Has anyone had this type of experience with LW's. I no longer want to contact them and would prefer now to get advise. How best to get this resolved.


----------



## random2011 (23 Mar 2017)

Still have not received a refund. LW's are simply saying the payment is pending with my bank since Mar 1ST. Has anyone experienced tHis before. I have given up on LW's resolving this. Any advise on the best way to resolve this myself. Do I need to make a small claims court application perhaps?


----------



## Jim2007 (23 Mar 2017)

Did you check with your bank?  What did they say?  I some times have this problem with foreign transactions, the money comes into the bank but there is some little thing not right and it is left in suspense until someone goes in and kicks it along.


----------



## Sue Ellen (23 Mar 2017)

You may find some useful advice here: 

http://www.consumerhelp.ie/your-rights-online

or in this post/thread from Boards:

http://www.boards.ie/vbulletin/showpost.php?p=70275860&postcount=9


----------



## becky (24 Mar 2017)

I bought something from simplybe which turned out to be Littlewoods. I was logged out of screen and thought ah well I'll leave it so.  

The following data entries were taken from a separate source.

(* Consider the setting below. Fix an agent $i\in\mathcal I$ and a time $t\in\mathbb Z_+$ at which problem $\mathcal P_i(t)$ is feasible, and let $\bigl(\{x^{\mathrm n,\ast}_{i,(k|t)}\},\{u^{\mathrm n,\ast}_{i,(k|t)}\},\{x^{\mathrm c,\ast}_{i,(k|t)}\}_{k=0}^{N_{\mathrm c}},\{u^{\mathrm c,\ast}_{i,(k|t)}\}_{k=0}^{N_{\mathrm c}-1},\bar x^{\mathrm c,\ast}_i(t),\bar u^{\mathrm c,\ast}_i(t)\bigr)$ be the (optimal) feasible solution used in closed loop, so that $x_i(t+1)=f_i(x_i(t),u^{\mathrm c,\ast}_{i,(0|t)})$ and $S_i^\ast(t+1)$ is obtained from the freeze-or-shift rule. Define at time $t+1$ \[ \tilde x^{\mathrm c}_{i,(k|t+1)}:=x^{\mathrm c,\ast}_{i,(k+1|t)}\ (k=0,\dots,N_{\mathrm c}-1),\qquad \tilde u^{\mathrm c}_{i,(k|t+1)}:=u^{\mathrm c,\ast}_{i,(k+1|t)}\ (k=0,\dots,N_{\mathrm c}-2), \] \[ \tilde u^{\mathrm c}_{i,(N_{\mathrm c}-1|t+1)}:=\bar u^{\mathrm c,\ast}_i(t),\qquad \tilde x^{\mathrm c}_{i,(N_{\mathrm c}|t+1)}:=f_i\bigl(\tilde x^{\mathrm c}_{i,(N_{\mathrm c}-1|t+1)},\tilde u^{\mathrm c}_{i,(N_{\mathrm c}-1|t+1)}\bigr), \] \[ \tilde{\bar x}^{\mathrm c}_i(t+1):=\bar x^{\mathrm c,\ast}_i(t),\qquad \tilde{\bar u}^{\mathrm c}_i(t+1):=\bar u^{\mathrm c,\ast}_i(t). \] Then this candidate satisfies, at time $t+1$ (with data $x_i(t+1)$ and $S_i^\ast(t+1)=\mathbb B(c_i(t+1),R_i(t+1))$), all contingency-part constraints (C1)–(C8) of $\mathcal P_i(t+1)$ listed below, namely the contingency initialization, contingency dynamics, contingency state/input bounds, static-obstacle constraints, terminal-state and terminal-equilibrium constraints, terminal position constraint, active safe-set containment and tail-containment constraints.
   Context: Setting. Agents $\mathcal I=\{1,\dots,M\}$. Agent $i$ has dynamics $x_i(t+1)=f_i(x_i(t),u_i(t))$, $x_i\in\mathbb R^{n_i}$, $u_i\in\mathbb R^{m_i}$, admissible sets $\mathcal X_i\subset\mathbb R^{n_i}$, $\mathcal U_i\subset\mathbb R^{m_i}$, position $p_i=C_ix_i\in\mathbb R^{n_p}$, body radius $r_i>0$, body $\mathcal B_i(t)=\mathbb B(p_i(t),r_i)$ (closed Euclidean ball), reference state $x_i^{\mathrm{ref}}$. A deterministic safe-set generator $\Gamma_i$ assigns to each $x\in\mathcal X_i$ a ball $\Gamma_i(x)=\mathbb B(c_i(x),R_i(x))$. The active safe set at time $t$ is $S_i^\ast(t)=\mathbb B(c_i(t),R_i(t))$. $h:\mathbb R^{n_p}\to\mathbb R$ is a continuous obstacle function. Horizons $N_{\mathrm n},N_{\mathrm c}\in\mathbb Z_{>0}$. Costs: nominal stage and terminal costs $\ell_i^{\mathrm n},V_i^{\mathrm n}$, nonnegative offset cost $V_i^{\mathrm c}$, nonnegative contingency stage cost $\ell_i^{\mathrm c}$, weight $\gamma>0$. Problem $\mathcal P_i(t)$ (given $x_i(t)$, $S_i^\ast(t)$ and a bound $\hat J_i^{\mathrm c}(t)\ge0$): decision variables $x^{\mathrm n}_{i,(k|t)}$ ($k=0..N_{\mathrm n}$), $u^{\mathrm n}_{i,(k|t)}$ ($k=0..N_{\mathrm n}-1$), $x^{\mathrm c}_{i,(k|t)}$ ($k=0..N_{\mathrm c}$), $u^{\mathrm c}_{i,(k|t)}$ ($k=0..N_{\mathrm c}-1$), $\bar x^{\mathrm c}_i(t),\bar u^{\mathrm c}_i(t)$; write $p^\bullet_{i,(k|t)}=C_ix^\bullet_{i,(k|t)}$. Minimize $J_i=\sum_{k=0}^{N_{\mathrm n}-1}\ell_i^{\mathrm n}(x^{\mathrm n}_{i,(k|t)},u^{\mathrm n}_{i,(k|t)})+V_i^{\mathrm n}(x^{\mathrm n}_{i,(N_{\mathrm n}|t)},x_i^{\mathrm{ref}})+\gamma V_i^{\mathrm c}(\bar x^{\mathrm c}_i(t),x_i^{\mathrm{ref}})$ subject to: (N1) $x^{\mathrm n}_{i,(0|t)}=x_i(t)$; (N2) $u^{\mathrm n}_{i,(0|t)}=u^{\mathrm c}_{i,(0|t)}$; (N3) $x^{\mathrm n}_{i,(k+1|t)}=f_i(x^{\mathrm n}_{i,(k|t)},u^{\mathrm n}_{i,(k|t)})$, $x^{\mathrm n}_{i,(k+1|t)}\in\mathcal X_i$, $u^{\mathrm n}_{i,(k|t)}\in\mathcal U_i$ for $k=0..N_{\mathrm n}-1$; (C1) $x^{\mathrm c}_{i,(0|t)}=x_i(t)$; (C2) $x^{\mathrm c}_{i,(k+1|t)}=f_i(x^{\mathrm c}_{i,(k|t)},u^{\mathrm c}_{i,(k|t)})$ for $k=0..N_{\mathrm c}-1$; (C3) $x^{\mathrm c}_{i,(k+1|t)}\in\mathcal X_i$, $u^{\mathrm c}_{i,(k|t)}\in\mathcal U_i$ for $k=0..N_{\mathrm c}-1$; (C4) $h(p^{\mathrm c}_{i,(k|t)})\ge0$ for $k=0..N_{\mathrm c}$; (C5) $x^{\mathrm c}_{i,(N_{\mathrm c}|t)}=\bar x^{\mathrm c}_i(t)$, $\bar x^{\mathrm c}_i(t)=f_i(\bar x^{\mathrm c}_i(t),\bar u^{\mathrm c}_i(t))$, $(\bar x^{\mathrm c}_i(t),\bar u^{\mathrm c}_i(t))\in\mathcal X_i\times\mathcal U_i$; (C6) $C_i\bar x^{\mathrm c}_i(t)\in S_i^\ast(t)$; (C7) $\|p^{\mathrm c}_{i,(k|t)}-c_i(t)\|\le R_i(t)-r_i$ for $k=0..N_{\mathrm c}$; (C8) $\|p^{\mathrm c}_{i,(l|t)}-c_i(x^{\mathrm c}_{i,(k|t)})\|\le R_i(x^{\mathrm c}_{i,(k|t)})-r_i$ for all $0\le k\le l\le N_{\mathrm c}$; (L) $J_i^{\mathrm c}(t)\le\hat J_i^{\mathrm c}(t)$, where $J_i^{\mathrm c}(t):=\sum_{k=0}^{N_{\mathrm c}-1}\ell_i^{\mathrm c}(x^{\mathrm c}_{i,(k|t)}-\bar x^{\mathrm c}_i(t),u^{\mathrm c}_{i,(k|t)}-\bar u^{\mathrm c}_i(t))+V_i^{\mathrm c}(\bar x^{\mathrm c}_i(t),x_i^{\mathrm{ref}})$. Closed loop: at each $t$ each agent solves $\mathcal P_i(t)$, a star denotes the optimal solution, $J_i^{\mathrm c,\ast}(t)$ is $J_i^{\mathrm c}$ evaluated at it, the input $u_i(t)=u^{\mathrm c,\ast}_{i,(0|t)}=u^{\mathrm n,\ast}_{i,(0|t)}$ is applied and the state evolves exactly by $x_i(t+1)=f_i(x_i(t),u_i(t))$. Bound update: $\hat J_i^{\mathrm c}(t+1):=J_i^{\mathrm c,\ast}(t)-\ell_i^{\mathrm c}(x_i(t)-\bar x^{\mathrm c,\ast}_i(t),u_i(t)-\bar u^{\mathrm c,\ast}_i(t))$. Freeze-or-shift (FoS) update: $\tilde S_i(t+1):=\Gamma_i(x_i(t+1))$; $\chi_i(t)=1$ if some $j\neq i$ has $\tilde S_i(t+1)\cap\tilde S_j(t+1)\neq\emptyset$ or $\tilde S_i(t+1)\cap S_j^\ast(t)\neq\emptyset$, else $\chi_i(t)=0$; $S_i^\ast(t+1)=S_i^\ast(t)$ if $\chi_i(t)=1$ and $S_i^\ast(t+1)=\tilde S_i(t+1)$ if $\chi_i(t)=0$. *)

From mathcomp Require Import all_boot all_order all_algebra.
From mathcomp Require Import reals.
Set Implicit Arguments. Unset Strict Implicit. Unset Printing Implicit Defensive.
Import Order.TTheory GRing.Theory Num.Theory.
Local Open Scope ring_scope.

Section Defs.
Variable R : realType.

Definition enorm d (v : 'cV[R]_d) : R := Num.sqrt (\sum_(j < d) (v j 0) ^+ 2).

Record ball (d : nat) := Ball { bcenter : 'cV[R]_d; bradius : R }.

Definition in_ball d (B : ball d) (p : 'cV[R]_d) : Prop :=
  enorm (p - bcenter B) <= bradius B.

Definition balls_meet d (B1 B2 : ball d) : Prop :=
  exists p, in_ball B1 p /\ in_ball B2 p.

Variables (n m np : nat).

(* Contingency constraints (C1)-(C8) of P_i(t), with data x0 = x_i(t),
   S = S_i^*(t); trajectories are indexed by nat, only k <= Nc matters. *)
Record contingency_feasible
  (f : 'cV[R]_n -> 'cV[R]_m -> 'cV[R]_n) (C : 'M[R]_(np, n))
  (X : 'cV[R]_n -> Prop) (U : 'cV[R]_m -> Prop)
  (h : 'cV[R]_np -> R) (r : R) (Gamma : 'cV[R]_n -> ball np) (Nc : nat)
  (x0 : 'cV[R]_n) (S : ball np)
  (xc : nat -> 'cV[R]_n) (uc : nat -> 'cV[R]_m)
  (xbar : 'cV[R]_n) (ubar : 'cV[R]_m) : Prop := {
  C1 : xc 0%N = x0;
  C2 : forall k, (k < Nc)%N -> xc k.+1 = f (xc k) (uc k);
  C3 : forall k, (k < Nc)%N -> X (xc k.+1) /\ U (uc k);
  C4 : forall k, (k <= Nc)%N -> 0 <= h (C *m xc k);
  C5 : xc Nc = xbar /\ xbar = f xbar ubar /\ X xbar /\ U ubar;
  C6 : in_ball S (C *m xbar);
  C7 : forall k, (k <= Nc)%N ->
         enorm (C *m xc k - bcenter S) <= bradius S - r;
  C8 : forall k l, (k <= l)%N -> (l <= Nc)%N ->
         enorm (C *m xc l - bcenter (Gamma (xc k))) <= bradius (Gamma (xc k)) - r
}.

Record nominal_feasible
  (f : 'cV[R]_n -> 'cV[R]_m -> 'cV[R]_n)
  (X : 'cV[R]_n -> Prop) (U : 'cV[R]_m -> Prop) (Nn : nat)
  (x0 : 'cV[R]_n) (xn : nat -> 'cV[R]_n) (un : nat -> 'cV[R]_m)
  (uc : nat -> 'cV[R]_m) : Prop := {
  N1 : xn 0%N = x0;
  N2 : un 0%N = uc 0%N;
  N3 : forall k, (k < Nn)%N ->
         xn k.+1 = f (xn k) (un k) /\ X (xn k.+1) /\ U (un k)
}.

Definition Jc (lc : 'cV[R]_n -> 'cV[R]_m -> R) (Vc : 'cV[R]_n -> 'cV[R]_n -> R)
  (xref : 'cV[R]_n) (Nc : nat) (xc : nat -> 'cV[R]_n) (uc : nat -> 'cV[R]_m)
  (xbar : 'cV[R]_n) (ubar : 'cV[R]_m) : R :=
  \sum_(k < Nc) lc (xc k - xbar) (uc k - ubar) + Vc xbar xref.

Definition shift_x (f : 'cV[R]_n -> 'cV[R]_m -> 'cV[R]_n) (Nc : nat)
  (xc : nat -> 'cV[R]_n) (ubar : 'cV[R]_m) (k : nat) : 'cV[R]_n :=
  if (k < Nc)%N then xc k.+1 else f (xc Nc) ubar.

Definition shift_u (Nc : nat) (uc : nat -> 'cV[R]_m) (ubar : 'cV[R]_m)
  (k : nat) : 'cV[R]_m :=
  if (k < Nc.-1)%N then uc k.+1 else ubar.

End Defs.

From mathcomp Require Import all_boot all_order all_algebra.
From mathcomp Require Import reals.
From Stdlib Require Import Classical.
Import Order.TTheory GRing.Theory Num.Theory.
Local Open Scope ring_scope.

(* The shifted candidate is the old contingency trajectory advanced by one
   step and then held at the equilibrium [xbar], so every constraint at time
   [t+1] is an instance of the same constraint at time [t].  The safe set is
   either frozen, where (C6)-(C7) are inherited, or shifted to
   [Gamma (x(t+1))] = [Gamma (xc 1)], where they follow from the tail
   containment (C8) anchored at step 1. *)

Lemma freeze_or_shift_cases {T : Type} {P : Prop} {Sfrozen Sshifted Snext : T} :
  (P -> Snext = Sfrozen) /\ (~ P -> Snext = Sshifted) ->
  Snext = Sfrozen \/ Snext = Sshifted.
Proof. by case=> frozen shifted; case: (classic P) => [/frozen|/shifted]; auto. Qed.

Lemma in_ball_shrunk (R : realType) d (B : ball R d) (p : 'cV[R]_d) (r : R) :
  0 <= r -> enorm (p - bcenter B) <= bradius B - r -> in_ball B p.
Proof. by move=> r0 /le_trans; apply; rewrite gerBl. Qed.

Section ShiftedCandidate.
Variables (R : realType) (n m np : nat).
Variables (f : 'cV[R]_n -> 'cV[R]_m -> 'cV[R]_n) (C : 'M[R]_(np, n)).
Variables (X : 'cV[R]_n -> Prop) (U : 'cV[R]_m -> Prop).
Variables (h : 'cV[R]_np -> R) (r : R) (Gamma : 'cV[R]_n -> ball R np).
Variables (Nc : nat) (xc : nat -> 'cV[R]_n) (uc : nat -> 'cV[R]_m).
Variables (xbar : 'cV[R]_n) (ubar : 'cV[R]_m).
Hypothesis Nc_gt0 : (0 < Nc)%N.

Lemma shift_xE k : xc Nc = f (xc Nc) ubar -> (k <= Nc)%N ->
  shift_x f Nc xc ubar k = xc (minn k.+1 Nc).
Proof.
move=> xc_eq k_le; rewrite /shift_x; case: ltnP => [k_lt|Nc_le].
  by rewrite (minn_idPl k_lt).
by rewrite (minn_idPr (leqW Nc_le)).
Qed.

Lemma shift_uE k : (k < Nc)%N ->
  shift_u Nc uc ubar k = if (k.+1 < Nc)%N then uc k.+1 else ubar.
Proof. by move=> k_lt; rewrite /shift_u -[in RHS](prednK Nc_gt0) ltnS. Qed.

Lemma contingency_feasible_shift x0 S S' :
  0 <= r ->
  contingency_feasible f C X U h r Gamma Nc x0 S xc uc xbar ubar ->
  S' = S \/ S' = Gamma (xc 1%N) ->
  contingency_feasible f C X U h r Gamma Nc (xc 1%N) S'
    (shift_x f Nc xc ubar) (shift_u Nc uc ubar) xbar ubar.
Proof.
move=> r_ge0 [_ dyn bnd obst [xc_Nc [equil [Xbar Ubar]]] terminal safe tail] S'E.
have xc_fix : xc Nc = f (xc Nc) ubar by rewrite xc_Nc.
have minn_le k : (minn k.+1 Nc <= Nc)%N := geq_minr _ _.
split.
- by rewrite /shift_x Nc_gt0.
- move=> k k_lt; rewrite shift_uE // /shift_x k_lt.
  case: ltnP => [k1_lt|Nc_le]; first exact: dyn.
  by have -> : k.+1 = Nc by apply/eqP; rewrite eqn_leq k_lt.
- move=> k k_lt; split.
    rewrite /shift_x; case: ltnP => [k1_lt|_]; first by case: (bnd _ k1_lt).
    by rewrite -xc_fix xc_Nc.
  by rewrite shift_uE //; case: ltnP => [/bnd[]|].
- by move=> k k_le; rewrite shift_xE //; apply: obst.
- by rewrite /shift_x ltnn -xc_fix.
- case: S'E => ->; first exact: terminal.
  rewrite -xc_Nc; apply: in_ball_shrunk r_ge0 _.
  exact: tail.
- move=> k k_le; rewrite shift_xE //.
  by case: S'E => ->; [apply: safe | apply: tail; rewrite ?leq_min ?ltn0Sn].
- move=> k l kl l_le; rewrite !shift_xE //; last exact: leq_trans l_le.
  apply: tail => //.
  by rewrite leq_min geq_minr andbT (leq_trans (geq_minl _ _)).
Qed.

End ShiftedCandidate.

Theorem lemmaA1
  (R : realType) (n m np : nat)
  (f : 'cV[R]_n -> 'cV[R]_m -> 'cV[R]_n) (C : 'M[R]_(np, n))
  (X : 'cV[R]_n -> Prop) (U : 'cV[R]_m -> Prop)
  (r : R) (Gamma : 'cV[R]_n -> ball R np) (h : 'cV[R]_np -> R)
  (xref : 'cV[R]_n) (Nn Nc : nat)
  (lc : 'cV[R]_n -> 'cV[R]_m -> R) (Vc : 'cV[R]_n -> 'cV[R]_n -> R)
  (Jhat : R)
  (M : nat) (i : 'I_M)
  (Stilde : 'I_M -> ball R np)
  (Sstar : 'I_M -> ball R np)
  (Snext : ball R np)
  (xt xt1 : 'cV[R]_n)
  (xn : nat -> 'cV[R]_n) (un : nat -> 'cV[R]_m)
  (xc : nat -> 'cV[R]_n) (uc : nat -> 'cV[R]_m)
  (xbar : 'cV[R]_n) (ubar : 'cV[R]_m) :
  0 < r -> (0 < Nn)%N -> (0 < Nc)%N ->
  (forall x u, 0 <= lc x u) -> (forall x y, 0 <= Vc x y) -> 0 <= Jhat ->
  nominal_feasible f X U Nn xt xn un uc ->
  contingency_feasible f C X U h r Gamma Nc xt (Sstar i) xc uc xbar ubar ->
  Jc lc Vc xref Nc xc uc xbar ubar <= Jhat ->
  xt1 = f xt (uc 0%N) ->
  Stilde i = Gamma xt1 ->
  (let chi := exists j, j != i /\
        (balls_meet (Stilde i) (Stilde j) \/ balls_meet (Stilde i) (Sstar j)) in
   (chi -> Snext = Sstar i) /\ (~ chi -> Snext = Stilde i)) ->
  contingency_feasible f C X U h r Gamma Nc xt1 Snext
    (shift_x f Nc xc ubar) (shift_u Nc uc ubar) xbar ubar.
Proof.
move=> r_gt0 _ Nc_gt0 _ _ _ _ feas _ xt1E StildeE fos_rule.
have fos := freeze_or_shift_cases fos_rule.
have xc1E : xc 1%N = xt1 by rewrite (C2 feas) // (C1 feas) xt1E.
rewrite -xc1E; apply: contingency_feasible_shift feas _ => //; first exact: ltW.
by rewrite xc1E -StildeE.
Qed.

The goods arrived the next week. Then about 3 weeks later I got a statement for a high cost loan! I only had 2 days or so to pay before I was going to be charged this crazy interest.

Never used them since.


----------



## XMarks (24 Mar 2017)

Their Trust Pilot reviews are pretty poor.

https://uk.trustpilot.com/review/www.littlewoods.com

Did you pay by credit card? If so, phone/email them and tell them you will be activating a charge back if you do not receive a refund within 48 hours.


----------